Pulling this out, only an hour left. It's been a year. I had several adjectives there...abandoned them all. I'm reluctant to assign a moral component.

But here we are-thanks for coming, it's nice to see you. I've made no effort this time around, and I'm enjoying the novelty. Hunkered down, nested like a matrioska brain. Maybe I'm biding my time, gathering my chi. Marshaling, rallying, getting ready. Or not. What?

What makes you think I know? You know what, screw this. Tomorrow. I'm doing this tomorrow. This has been Previous Me. Later Me will have more to say.

Wednesday, January 6, 2010

Syncitium

I've been dreaming. I don't, usually.

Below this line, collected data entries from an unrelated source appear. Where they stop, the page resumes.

Lemma offset_large_late del N : 0 < del -> exists k, (N <= k)%nat /\ 1 - del < offset k.
Proof.
  intros Hd. set (f := fun k => 1 - offset k).
  assert (Hf : 0 < prefix_min f N).
  { apply prefix_min_pos. intros k _. unfold f. pose proof (offset_range k). lra. }
  destruct (offset_large (Rmin del (prefix_min f N))) as [k Hk];
    [apply Rmin_glb_lt; lra|].
  pose proof (Rmin_l del (prefix_min f N)). pose proof (Rmin_r del (prefix_min f N)).
  exists k. split; [|lra].
  destruct (Nat.lt_ge_cases k N) as [Hl|Hl]; [|exact Hl].
  pose proof (prefix_min_le f N k Hl). unfold f in *. lra.
Qed.

Lemma ceil_jump_position x j :
  rceil (x + INR (S j) * alpha) = (rceil (x + INR j * alpha) + 1)%Z ->
  rfloor ((IZR (rceil (x + INR j * alpha)) - x) / alpha) = Z.of_nat j.
Proof.
  intros E. apply rfloor_uniq. rewrite <- INR_IZR_INZ.
  destruct (rceil_spec (x + INR j * alpha)) as [_ A].
  destruct (rceil_spec (x + INR (S j) * alpha)) as [B _].
  rewrite E, plus_IZR, S_INR in B.
  split; [apply Rle_div_r | apply Rlt_div_l]; lra.
Qed.

(* The same for 0c_alpha; the strict inequality needs alpha irrational. *)
Lemma floor_jump_position j :
  rfloor (INR (S j) * alpha) = (rfloor (INR j * alpha) + 1)%Z ->
  rfloor ((IZR (rfloor (INR j * alpha)) + 1) / alpha) = Z.of_nat j.
Proof.
  intros E. apply rfloor_uniq. rewrite <- INR_IZR_INZ.
  set (z := rfloor (INR j * alpha)) in *.
  destruct (rfloor_spec (INR j * alpha)) as [_ A]. fold z in A.
  destruct (rfloor_spec (INR (S j) * alpha)) as [B _].
  rewrite E, plus_IZR, S_INR in B.
  assert (Hne : IZR (Z.of_nat j + 1) * alpha <> IZR (z + 1))
    by (apply irrational_no_relation; [exact alpha_irr|lia]).
  rewrite !plus_IZR, <- INR_IZR_INZ in Hne.
  split; [apply Rle_div_r | apply Rlt_div_l]; [lra|lra|lra|].
  destruct (Rle_lt_or_eq_dec _ _ B) as [Hlt|Heq]; [exact Hlt|].
  symmetry in Heq. contradiction.
Qed.

Lemma suffix_is_series k :
  is_series (Phi_term (suffix (oneC alpha) k)) (profile (offset k)).
Proof.
  set (x := INR k * alpha).
  assert (Hx : forall j, x + INR j * alpha = INR (k + j) * alpha)
    by (intros; unfold x; rewrite plus_INR; ring).
  set (c := fun j => (rceil (x + INR j * alpha) - rceil x)%Z).
  assert (c_0 : c O = 0%Z) by (unfold c; simpl; rewrite Rmult_0_l, Rplus_0_r; lia).
  assert (c_step : forall j, c (S j) = c j \/ c (S j) = (c j + 1)%Z).
  { intros j. unfold c.
    rewrite S_INR, Rmult_plus_distr_r, Rmult_1_l, <- Rplus_assoc.
    destruct (rceil_add_small (x + INR j * alpha) alpha) as [E|E]; [lra| |];
      rewrite E; lia. }
  apply (is_series_reindex _ c (one_position (offset k))).
  - intros j. unfold suffix, oneC, c. rewrite !Hx, Nat.add_succ_r. lia.
  - exact c_0.
  - exact c_step.
  - intros j E. unfold one_position.
    rewrite INR_IZR_INZ, Z2Nat.id by exact (count_nonneg c c_0 c_step j).
    replace (IZR (c j) + offset k) with (IZR (rceil (x + INR j * alpha)) - x)
      by (unfold c, offset, x; rewrite minus_IZR; ring).
    rewrite ceil_jump_position; [lia|]. unfold c in E. lia.
  - intros M. destruct (rfloor_mult_unbounded alpha M alpha_pos) as [N HN].
    exists N. pose proof (rceil_add_ge x (INR N * alpha)). unfold c. lia.
  - apply ex_series_profile_term. pose proof (offset_range k). lra.
Qed.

But the last few days, even a week or two...my subconscious's jumped up by an order of magnitude. Last night I dreamt of lye, and burns.

Saturday, January 2, 2010

It gives me hope to see you dead.

This is the last day of an old year. I know how that sounds, what day it is. In as much as I'm trying to eliminate the arbitrary, have a reason for everything...the calendar's not cutting it. My calendar's different-it's the 8th that'll be a new me (Thirty-three this time. I'm having a passion play) but from a purely mathematical standpoint, I like the perihelion. It'll be a cusp day, an ending. And while the solstice certainly counts too, it's a little heavy with historical baggage for my taste. So yeah, the perihelion. At nine minutes after midnight tonight, GMT, we'll be as close to the sun as we'll be for another year. That seems like it's worth noting.